Overview of "What Do Neural Networks Learn When Trained With Random Labels?"

This paper investigates the learning mechanisms of deep neural networks (DNNs) trained on natural image data bearing entirely random labels. Such a scenario, despite its prevalent use for studying phenomena like memorization and generalization, remains incompletely understood in the literature. The research presented here focuses particularly on the alignment between the principal components of network parameters and data during training with random labels. It provides both analytical proofs and empirical evidence of this alignment effect across various network architectures, including VGG16 and ResNet18, using datasets like CIFAR10 and ImageNet.

Main Contributions

  1. Positive Transfer from Random Labels: The paper demonstrates that pre-training DNNs on randomly labeled data can result in a faster training process when fine-tuning on new datasets, even when these datasets have real labels. This enhanced speed of learning is termed positive transfer, and it accounts for simple effects such as weight scaling.
  2. Alignment of Principal Components: Through analytical proofs, it is shown that both convolutional and fully connected networks exhibit an alignment of their weight parameter principal components with the data's principal components. This alignment implies the network learns certain underlying data distributions, even with random labels.
  3. Competing Specialization Effects: Despite positive transfer at the earlier layers, specialization effects at later network layers can obscure this benefit. The paper explores how specialization might lead to adverse outcomes for downstream tasks due to decreased neuron activations, effectively lowering the network's capacity.

Methodology & Analysis

  • Covariance Alignment: By computing the covariance of network weights and data, the researchers show alignment in the principal component space. This alignment conforms to the notion that despite randomness in labels, DNNs can acquire a structured understanding of input data distributions.
  • Speed of Learning: The research utilizes analytical tools to correlate eigenvectors of data and weights, constructing a function mapping data eigenvalues to weight eigenvalues that explains the faster training upon fine-tuning. Notably, this mapping exhibits an "increasing then decreasing" pattern.
  • Experimental Validation: To validate their theoretical findings, extensive experiments are conducted across multiple network architectures and hyperparameters. These experiments confirm that pre-training on random labels rarely hinders and mostly accelerates downstream tasks.

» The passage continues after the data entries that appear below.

Lemma left_ideal_genMl r a : left_ideal_gen S a -> left_ideal_gen S (r * a).
Proof.
elim=> [| r' y Sy | a1 a2 _ IH1 _ IH2].
- by rewrite mulr0; exact: lig_zero.
- by rewrite mulrA; exact: lig_mul.
- by rewrite mulrDr; exact: lig_add.
Qed.

Lemma left_ideal_genZ c a : left_ideal_gen S a -> left_ideal_gen S (c *: a).
Proof. by move=> Sa; rewrite -[a]mul1r scalerAl; exact: left_ideal_genMl. Qed.

Lemma left_ideal_genB a b :
  left_ideal_gen S a -> left_ideal_gen S b -> left_ideal_gen S (a - b).
Proof. by move=> Sa Sb; rewrite -scaleN1r; apply: lig_add => //; exact: left_ideal_genZ. Qed.

End Generated.

Section AugmentationIdeal.
Variables (A : algType CC) (E : A) (eta : A -> CC).
Hypothesis eta_hom : alg_hom_on_RE E eta.

Lemma RE_sub_eta x : RE E x -> RetaE E eta (x - eta x *: 1).
Proof.
case: eta_hom => eta1 etaD etaZ _ REx.
have RE1 : RE E 1 by exact: sg_one.
have REx1 : RE E ((- eta x) *: 1) by exact: sg_scale.
rewrite -scaleNr; split; first exact: sg_add.
by rewrite etaD // etaZ // eta1 mulr1 addrN.
Qed.

Lemma RE_sub_eta_mul x : RE E x -> exists q, x - eta x *: 1 = q * (E - eta E *: 1).
Proof.
case: eta_hom => eta1 etaD etaZ etaM.
elim=> [a -> | | a b REa [qa IHa] REb [qb IHb] | c a REa [qa IHa]
       | a b REa [qa IHa] REb [qb IHb]].
- by exists 1; rewrite mul1r.
- by exists 0; rewrite mul0r eta1 scale1r subrr.
- by exists (qa + qb); rewrite etaD // mulrDl -IHa -IHb scalerDl opprD addrACA.
- by exists (c *: qa); rewrite etaZ // -scalerAl -IHa scalerBr scalerA.
- exists (a * qb + eta b *: qa).
  (* a b - eta a eta b = a (b - eta b) + eta b (a - eta a) *)
  rewrite etaM // mulrDl -mulrA -IHb -scalerAl -IHa mulrBr scalerBr -scalerAr mulr1.
  by rewrite scalerA mulrC addrA subrK.
Qed.

Lemma left_ideal_RetaE_mul a :
  left_ideal_gen (RetaE E eta) a -> exists r, a = r * (E - eta E *: 1).
Proof.
elim=> [| r y [REy etay0] | a1 a2 _ [r1 ->] _ [r2 ->]].
- by exists 0; rewrite mul0r.
- have [q yq] := RE_sub_eta_mul REy.
  by exists (r * q); rewrite -mulrA -yq etay0 scale0r subr0.
- by exists (r1 + r2); rewrite mulrDl.
Qed.

End AugmentationIdeal.

Section FHSpan.
Variables (A : algType CC) (F H : A).

Inductive FH_span : A -> Prop :=
  | FH_span0 : FH_span 0
  | FH_span_monom (c : CC) i j : FH_span (c *: (F ^+ i * H ^+ j))
  | FH_spanD a b : FH_span a -> FH_span b -> FH_span (a + b).

Lemma FH_spanZ c a : FH_span a -> FH_span (c *: a).
Proof.
elim=> [| c' i j | a1 a2 _ IH1 _ IH2].
- by rewrite scaler0; exact: FH_span0.
- by rewrite scalerA; exact: FH_span_monom.
- by rewrite scalerDr; exact: FH_spanD.
Qed.

Hypothesis HF_rel : H * F - F * H = - F.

Implications and Future Directions

The paper's findings have substantial implications for transfer learning, offering insights into why certain initialization strategies might be advantageous and suggesting new methods to explore task transfer scenarios. Furthermore, the exploration of critical and specialization stages lends deeper understanding into the stages of learning and model capacity during training.

Furthermore, this work sets the stage for future research to explore alignment-driven strategies in network training and initialization. It also opens pathways to investigate the roles and limits of over-parameterization in DNNs beyond classical generalization and memorization paradigms. Such insights could be pivotal in devising more efficient and robust training methodologies for neural networks, particularly in contexts with limited labeled data or high label noise.

In conclusion, "What Do Neural Networks Learn When Trained With Random Labels?" makes a significant contribution to understanding the learning dynamics of DNNs in environments with stochastic labels. The observations on principal component alignment and transfer effects underline the potential latent capabilities of DNNs to harness feature distributions beneficially, offering compelling directions for further empirical and theoretical research in artificial intelligence.